In September 2018, Turkmenistan celebrated an important industrial achievement of the country – the launch of a new state-owned urea plant in the city of Garabogaz on the coast of the Caspian Sea. The media wrote that even foreign diplomats from Ashgabat attended the grand opening.

The Garabogazkarbamide plant, for the construction of which the Japanese Bank for International Cooperation (JBIC) issued a loan of $ 1.16 billion, has significantly increased the capacity of Turkmenistan in the production of urea fertilizer, one of the country’s key export products.

A new investigation by OCCRP and partners, Turkmen.News and Gundogar.org, reveals that among the main exporters of the urea produced at the plant was a dubious Scottish company that does not even have a website.Photo: Khadzhimurat Rejepov / InstagramKhadzhimurat Rejepov (left) with his brother Shamurat

Moreover, although the shareholders and ultimate beneficiaries of the firm changed several times, in fact, the company was secretly controlled by Khadzhimurat Rejepov, the nephew of Turkmen President Gurbanguly Berdimuhamedov.

The investigation builds on the Pandora Archive , the leaked millions of documents from offshore corporate service providers that the International Consortium of Investigative Journalists (ICIJ) has shared with partners.

Khadzhimurat is not the only Rejepov in the leaked documents. Apparently, his younger brother Shamurat used a similar scheme and played a similar role in a British company that calls itself the leading exporter of petroleum products at a large Turkmen oil refinery (refinery).

The leaked documents contain interesting information about the beneficiaries of the companies: their shareholders were offshore “denominations”, which were used to hide the real owners. Since the UK began requiring disclosures about “persons with significant control” in the enterprise, several little-known Turkmen citizens have appeared in the declarations. Those who OCCRP reporters were able to contact declined to comment.How Khadzhimurat profited from starving TurkmensIn May, OCCRP and partners revealed how Khadzhimurat Rejepov made money on a lucrative government contract to import food for hungry citizens of Turkmenistan.Read more

Ties with the elite allow the Rejepov brothers to live a completely different life than most citizens of Turkmenistan, which human rights activists call one of the most authoritarian countries in the world. President Berdymukhamedov oversees almost every aspect of political life and economy, including the approval of bank card designs and medals for dog shows.

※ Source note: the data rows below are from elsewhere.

(* resolvent J_C = (Id + C)^{-1}, as a set-valued operator *)
Definition resolvent (C : X -> set X) : X -> set X :=
  fun x => [set y | C y (x - y)].

Definition refl_resolvent (C : X -> set X) : X -> set X :=
  fun x => [set 2%:R *: y - x | y in resolvent C x].

Definition DR_op (A B : X -> set X) : X -> set X :=
  fun x => [set t | exists a r b, [/\ resolvent A x a, refl_resolvent A x r,
                     resolvent B r b & t = x - a + b]].

Definition id_minus (T : X -> set X) : X -> set X :=
  fun x => [set x - t | t in T x].

Definition dom_diff (A B : X -> set X) : set X :=
  [set d | exists a b, [/\ dom_op A a, dom_op B b & d = a - b]].
Definition ran_sum (A B : X -> set X) : set X :=
  [set r | exists a b, [/\ ran_op A a, ran_op B b & r = a + b]].

Definition is_proj (S : set X) (z p : X) : Prop :=
  S p /\ forall s, S s -> `|z - p| <= `|z - s|.

End Defs.

From HB Require Import structures.
From mathcomp Require Import all_boot all_order all_algebra.
From mathcomp Require Import all_classical all_reals all_analysis.
From mathcomp Require Import ring lra.
Set Implicit Arguments. Unset Strict Implicit. Unset Printing Implicit Defensive.
Import Order.TTheory GRing.Theory Num.Theory.
Import numFieldNormedType.Exports.
Local Open Scope classical_set_scope.
Local Open Scope ring_scope.

(* For (i), let a ∈ Ax and b ∈ B(x - vD) with a + b = vR.  The projection
   inequalities for vD onto cl D and for vR onto cl R (both convex by Minty's
   theorem) show, by maximality, that (x - vR, a - vD) ∈ gra A if
   <vR, vD> >= 0 and that (x - vD - vR, b + vD) ∈ gra B if <vR, vD> <= 0.
   Feeding these pairs back into the inequality for vD forces <vR, vD> = 0;
   then vD + vR ∈ D ∩ R, the minimal-norm property of v gives v = vD + vR,
   and x ∈ Z.  For (ii), dom B lies in a half-space {q | <q, vD> <= β}, which
   makes vD a recession direction of cl ran B; if vR = 0 this puts vD in
   cl R ∩ cl D = cl (D ∩ R), hence v = vD and (x, a - vD) ∈ gra A.
   Minty's theorem is proved by minimizing c + (|x|² + |u|²)/2 over the
   epigraph of the Fitzpatrick function. *)

Lemma ge0_affine_near0 (R : realFieldType) (a b : R) :
  (forall t, 0 < t -> t <= 1 -> 0 <= a + t * b) -> 0 <= a.
Proof.
move=> hab; rewrite leNgt; apply/negP => a_lt0.
have nb_a_gt0 : 0 < `|b| - a by rewrite subr_gt0 (lt_le_trans a_lt0).
pose t := - a / (`|b| - a).
have t_gt0 : 0 < t by rewrite divr_gt0 // oppr_gt0.
have t_le1 : t <= 1 by rewrite ler_pdivrMr // mul1r; have := normr_ge0 b; lra.
have := hab t t_gt0 t_le1; apply/negP; rewrite -ltNge.
have tb_le : t * b <= t * `|b| by rewrite ler_pM2l // ler_norm.
suff : a + t * `|b| < 0 by lra.
have -> : a + t * `|b| = - a ^+ 2 / (`|b| - a).
  by rewrite /t; field; rewrite gt_eqF.
by rewrite mulNr oppr_lt0 divr_gt0 // expr2 nmulr_rgt0.
Qed.

Section InnerProduct.
Variables (R : realType) (X : normedModType R) (ip : X -> X -> R).
Hypothesis hip : is_inner_product ip.

Lemma ipC x y : ip x y = ip y x. Proof. by case: hip. Qed.

Lemma ipxx x : ip x x = `|x| ^+ 2. Proof. by case: hip. Qed.

Lemma ipDl x y z : ip (x + y) z = ip x z + ip y z.
Proof. by case: hip => _ lin _; rewrite -[x]scale1r lin mul1r scale1r. Qed.

Lemma ip0l z : ip 0 z = 0.
Proof.
by case: hip => _ lin _; have := lin 1 0 0 z; rewrite scaler0 addr0 mul1r; lra.
Qed.

Lemma ipZl a x z : ip (a *: x) z = a * ip x z.
Proof.
by case: hip => _ lin _; have := lin a x 0 z; rewrite !addr0 ip0l addr0.
Qed.

Lemma ipNl x z : ip (- x) z = - ip x z.
Proof. by rewrite -scaleN1r ipZl mulN1r. Qed.
Lemma ipBl x y z : ip (x - y) z = ip x z - ip y z.
Proof. by rewrite ipDl ipNl. Qed.
Lemma ip0r z : ip z 0 = 0. Proof. by rewrite ipC ip0l. Qed.
Lemma ipDr x y z : ip z (x + y) = ip z x + ip z y.
Proof. by rewrite ipC ipDl !(ipC z). Qed.
Lemma ipZr a x z : ip z (a *: x) = a * ip z x.
Proof. by rewrite ipC ipZl ipC. Qed.
Lemma ipNr x z : ip z (- x) = - ip z x. Proof. by rewrite ipC ipNl ipC. Qed.
Lemma ipBr x y z : ip z (x - y) = ip z x - ip z y.
Proof. by rewrite ipDr ipNr. Qed.

Definition ipE := (ipDl, ipDr, ipBl, ipBr, ipZl, ipZr, ipNl, ipNr).

Lemma ipxx_ge0 x : 0 <= ip x x. Proof. by rewrite ipxx sqr_ge0. Qed.

Lemma ipxx_le0 x : ip x x <= 0 -> x = 0.
Proof.
move=> le0; apply/normr0_eq0/eqP.
by rewrite -sqrf_eq0 -ipxx eq_le le0 ipxx_ge0.
Qed.

Lemma cauchy_schwarz x y : `|ip x y| <= `|x| * `|y|.
Proof.
have [->|y_neq0] := eqVneq y 0; first by rewrite ip0r !normr0 mulr0.
have ny_gt0 : 0 < `|y| by rewrite normr_gt0.
have := ipxx_ge0 (`|y| ^+ 2 *: x - ip x y *: y).
rewrite !ipE !ipxx (ipC y x) => h.
have : (ip x y) ^+ 2 <= (`|x| * `|y|) ^+ 2.
  by rewrite -subr_ge0 -(pmulr_rge0 _ (exprn_gt0 2 ny_gt0)); lra.
by rewrite -real_normK ?num_real // ler_pXn2r // nnegrE mulr_ge0.
Qed.

Lemma ip_polar x y : ip x y = (`|x + y| ^+ 2 - `|x| ^+ 2 - `|y| ^+ 2) / 2.
Proof. by rewrite -!ipxx !ipE (ipC y x); field. Qed.

Lemma ip_cvg {T} {F : set_system T} {FF : Filter F} (f g : T -> X) x y :
  f @ F --> x -> g @ F --> y -> (fun t => ip (f t) (g t)) @ F --> ip x y.
Proof.
move=> fx gy; rewrite ip_polar; under eq_fun do rewrite ip_polar.
have sqr_cvg (h : T -> X) z :
    h @ F --> z -> (fun t => `|h t| ^+ 2) @ F --> `|z| ^+ 2.
  move=> /cvg_norm hz; rewrite expr2.
  by under eq_fun do rewrite expr2; apply: cvgM.
apply: cvgMr_tmp; apply: cvgB; [apply: cvgB|]; apply: sqr_cvg => //.
exact: cvgD.
Qed.

End InnerProduct.

Section MonotoneOperators.
Variables (R : realType) (X : normedModType R) (ip : X -> X -> R).
Hypothesis hip : is_inner_product ip.
Implicit Types (M : X -> set X) (x y u w : X).

Lemma maximally_monotoneP M y w : maximally_monotone ip M ->
  (forall p a, M p a -> 0 <= ip (y - p) (w - a)) -> M y w.
Proof.
move=> [monoM maxM] yw_mono.
pose M' z := [set u | M z u \/ z = y /\ u = w].
apply: (maxM M') => [x1 x2 u1 u2 [h1|[-> ->]] [h2|[-> ->]]|x u h|]; last by right.
- exact: monoM.
- by have := yw_mono _ _ h1; rewrite !(ipE hip); lra.
- exact: yw_mono.
- by rewrite !subrr ip0l.
- by left.
Qed.

Lemma maximally_monotone_shift M x a d e : maximally_monotone ip M -> M x a ->
  (forall p a', M p a' -> 0 <= ip (p - x) d) ->
  (forall p a', M p a' -> 0 <= ip (a' - a) e) ->
  0 <= ip e d -> M (x - e) (a - d).
Proof.
move=> hM Mxa hd he hed; apply: maximally_monotoneP => // p a' Mpa'.
have := hM.1 _ _ _ _ Mxa Mpa'; have := hd _ _ Mpa'; have := he _ _ Mpa'.
rewrite !(ipE hip) (ipC hip a e) (ipC hip a' e); lra.
Qed.

Definition inv_op M : X -> set X := fun u => [set x | M x u].

Lemma maximally_monotone_inv M :
  maximally_monotone ip M -> maximally_monotone ip (inv_op M).
Proof.
move=> [monoM maxM]; split=> [x y u w h1 h2|M' monoM' subM' x u M'xu].
  by rewrite ipC //; apply: monoM.
apply: (maxM (inv_op M')) M'xu => [x1 x2 u1 u2 h1 h2|x' u' h].
  by rewrite ipC //; apply: monoM'.
exact: subM'.
Qed.

Lemma maximally_monotone_rescale M (lam : R) z : 0 < lam ->
  maximally_monotone ip M ->
  maximally_monotone ip (fun y => [set lam *: w - z | w in M y]).
Proof.
move=> lam_gt0 hM; split.
  move=> x1 x2 _ _ [w1 h1 <-] [w2 h2 <-].
  rewrite opprB addrA subrK -scalerBr (ipZr hip).
  exact/mulr_ge0/(hM.1 _ _ _ _ h1 h2)/ltW.
move=> M' monoM' subM' x u M'xu; exists (lam^-1 *: (u + z)); last first.
  by rewrite scalerA mulfV ?gt_eqF // scale1r addrK.
apply: (maximally_monotoneP hM) => p a Mpa.
have := monoM' _ _ _ _ M'xu (subM' p _ (ex_intro2 _ _ a Mpa erefl)).
have -> : u - (lam *: a - z) = lam *: (lam^-1 *: (u + z) - a).
  by rewrite scalerBr scalerA mulfV ?gt_eqF // scale1r opprB addrA.
by rewrite (ipZr hip) pmulr_rge0.
Qed.

(* The epigraph of the Fitzpatrick function
   F_M(x, u) = sup {<x, w> + <y, u> - <y, w> | (y, w) ∈ gra M}. *)
Definition fitzpatrick_le M x u (c : R) :=
  forall y w, M y w -> ip x w + ip y u - ip y w <= c.

Lemma fitzpatrick_le_graph M y w :
  monotone_op ip M -> M y w -> fitzpatrick_le M y w (ip y w).
Proof.
move=> monoM Myw y' w' My'w'; have := monoM _ _ _ _ Myw My'w'.
rewrite !(ipE hip) (ipC hip y' w); lra.
Qed.

Lemma fitzpatrick_le_conv M x1 u1 c1 x2 u2 c2 (t : R) : 0 <= t <= 1 ->
  fitzpatrick_le M x1 u1 c1 -> fitzpatrick_le M x2 u2 c2 ->
  fitzpatrick_le M ((1 - t) *: x1 + t *: x2) ((1 - t) *: u1 + t *: u2)
    ((1 - t) * c1 + t * c2).
Proof.
move=> /andP[t_ge0 t_le1] F1 F2 y w Myw.
have h1 : 0 <= (1 - t) * (c1 - (ip x1 w + ip y u1 - ip y w)).
  by rewrite mulr_ge0 ?subr_ge0 ?F1.
have h2 : 0 <= t * (c2 - (ip x2 w + ip y u2 - ip y w)).
  by rewrite mulr_ge0 ?subr_ge0 ?F2.
move: h1 h2; rewrite !(ipE hip); lra.
Qed.

Lemma fitzpatrick_le_ge_ip M x u c : maximally_monotone ip M ->
  fitzpatrick_le M x u c -> ip x u <= c.
Proof.
move=> hM Fxu; rewrite leNgt; apply/negP => c_lt.
have Mxu : M x u.
  apply: maximally_monotoneP => // p a Mpa; have := Fxu p a Mpa.
  rewrite !(ipE hip); lra.
by have := Fxu x u Mxu; lra.
Qed.

End MonotoneOperators.

Section Closure.
Variables (R : realType) (X : normedModType R).
Implicit Types (S P Q : set X).

Lemma closure_normP S x :
  closure S x <-> forall e, 0 < e -> exists2 y, S y & `|x - y| < e.
Proof.
split=> [clSx e e_gt0|Sx B /nbhs_ballP[e /= e_gt0 eB]].
  have [|y [Sy]] := clSx (ball x e); first exact: nbhsx_ballx.
  by rewrite -ball_normE; exists y.
have [y Sy xy] := Sx e e_gt0; exists y; split => //; apply: eB.
by rewrite -ball_normE.
Qed.

Lemma convex_setP S : convex_set S <->
  forall x y (t : R), 0 <= t <= 1 -> S x -> S y -> S (t *: x + (1 - t) *: y).
Proof.
split=> [cS x y t /andP[t_ge0 t_le1] Sx Sy|cS x y t].
  by have := cS x y (Itv01 t_ge0 t_le1); rewrite !inE => /(_ Sx Sy).
by rewrite !inE => Sx Sy; apply: cS => //; rewrite ge0 le1.
Qed.

Lemma closure_add_scale P Q (k : R) a b : closure P a -> closure Q b ->
  closure [set p + k *: q | p in P & q in Q] (a + k *: b).
Proof.
move=> /closure_normP Pa /closure_normP Qb; apply/closure_normP => e e_gt0.
have k1_gt0 : 0 < `|k| + 1 by rewrite ltr_pwDr.
have e2_gt0 : 0 < e / 2 by lra.
have [p Pp ap] := Pa _ e2_gt0.
have [q Qq bq] := Qb _ (divr_gt0 e2_gt0 k1_gt0).
exists (p + k *: q); first by exists p => //; exists q.
rewrite opprD addrACA -scalerBr; apply: le_lt_trans (ler_normD _ _) _.
have : `|k *: (b - q)| <= e / 2.
  rewrite normrZ -[leRHS](mulfVK (lt0r_neq0 k1_gt0)) mulrC.
  by rewrite ler_pM ?normr_ge0 ?(ltW bq) // lerDl.
lra.
Qed.

Lemma convex_closure S :
  (forall x y (t : R), 0 <= t <= 1 -> S x -> S y ->
    closure S (t *: x + (1 - t) *: y)) ->
  convex_set (closure S).
Proof.
move=> hS; apply/convex_setP => x y t t01 /closure_normP Sx /closure_normP Sy.
have /andP[t_ge0 t_le1] := t01.
apply/closure_normP => e e_gt0; have e2_gt0 : 0 < e / 2 by lra.
have [x' Sx' xx'] := Sx _ e2_gt0; have [y' Sy' yy'] := Sy _ e2_gt0.
have /closure_normP/(_ _ e2_gt0) [z Sz z_near] := hS _ _ _ t01 Sx' Sy'.
exists z => //.
have -> : t *: x + (1 - t) *: y - z =
    t *: (x - x') + (1 - t) *: (y - y') + (t *: x' + (1 - t) *: y' - z).
  by rewrite !scalerBr (addrACA (t *: x)) -opprD subrKA.
have near_xy : `|t *: (x - x') + (1 - t) *: (y - y')| <= e / 2.
  apply: le_trans (ler_normD _ _) _; rewrite !normrZ !ger0_norm ?subr_ge0 //.
  have := ler_wpM2l t_ge0 (ltW xx').
  have t1_ge0 : 0 <= 1 - t by rewrite subr_ge0.
  have := ler_wpM2l t1_ge0 (ltW yy').
  lra.
by apply: le_lt_trans (ler_normD _ _) _; lra.
Qed.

Turkmenistan does not publish government documents in the public domain, and they have not heard of freedom of the press here. This makes it extremely difficult for independent journalists and civil society to find out what is happening in the country.

Khadzhimurat and Shamurat Rejepov, as well as representatives of President Berdymukhamedov’s administration, did not respond to requests for comment.

Import and export

The new state-owned urea plant has made Turkmenistan the region’s leading fertilizer exporter: according to documents from the UN Comtrade database for 2019 and 2020, the country exported over 1.6 million tonnes of urea.

Photo: “Turkmenhimiya”The urea plant located in Garabogaz, built with a loan from a Japanese bank, belongs to the state concern “Turkmenhimiya”

There is no publicly available trade data revealing how important the Scottish company Caran Holdings was in this. However, various sources indicate that she got a large piece of the pie.

In 2018, a man who identified himself as Caran’s representative at the new plant was interviewed by the government newspaper Turkmenistan. He said the company signed an agreement to export 1.2 million tons of urea produced at the plant through Georgian and Russian ports.

He also said that the company has agreed with a state firm to buy 200,000 tons of fertilizer, which they planned to sell to China, India, Egypt and several African countries.

If this is true, then the company is the only fertilizer exporter from Turkmenistan. (However, the information in Comtrade may be incomplete.)

Several independent sources also cite the firm as a major player in the market.

Argus Media, which provides information on prices for energy and other goods based on data from the government of Turkmenistan, called Caran “the largest supplier of Turkmen urea by river routes this year.”

The journalists also got documents containing Caran sales statistics. In 2020, the firm sold 213,000 tonnes of urea to a Russian trading company, which transferred the goods to US buyers.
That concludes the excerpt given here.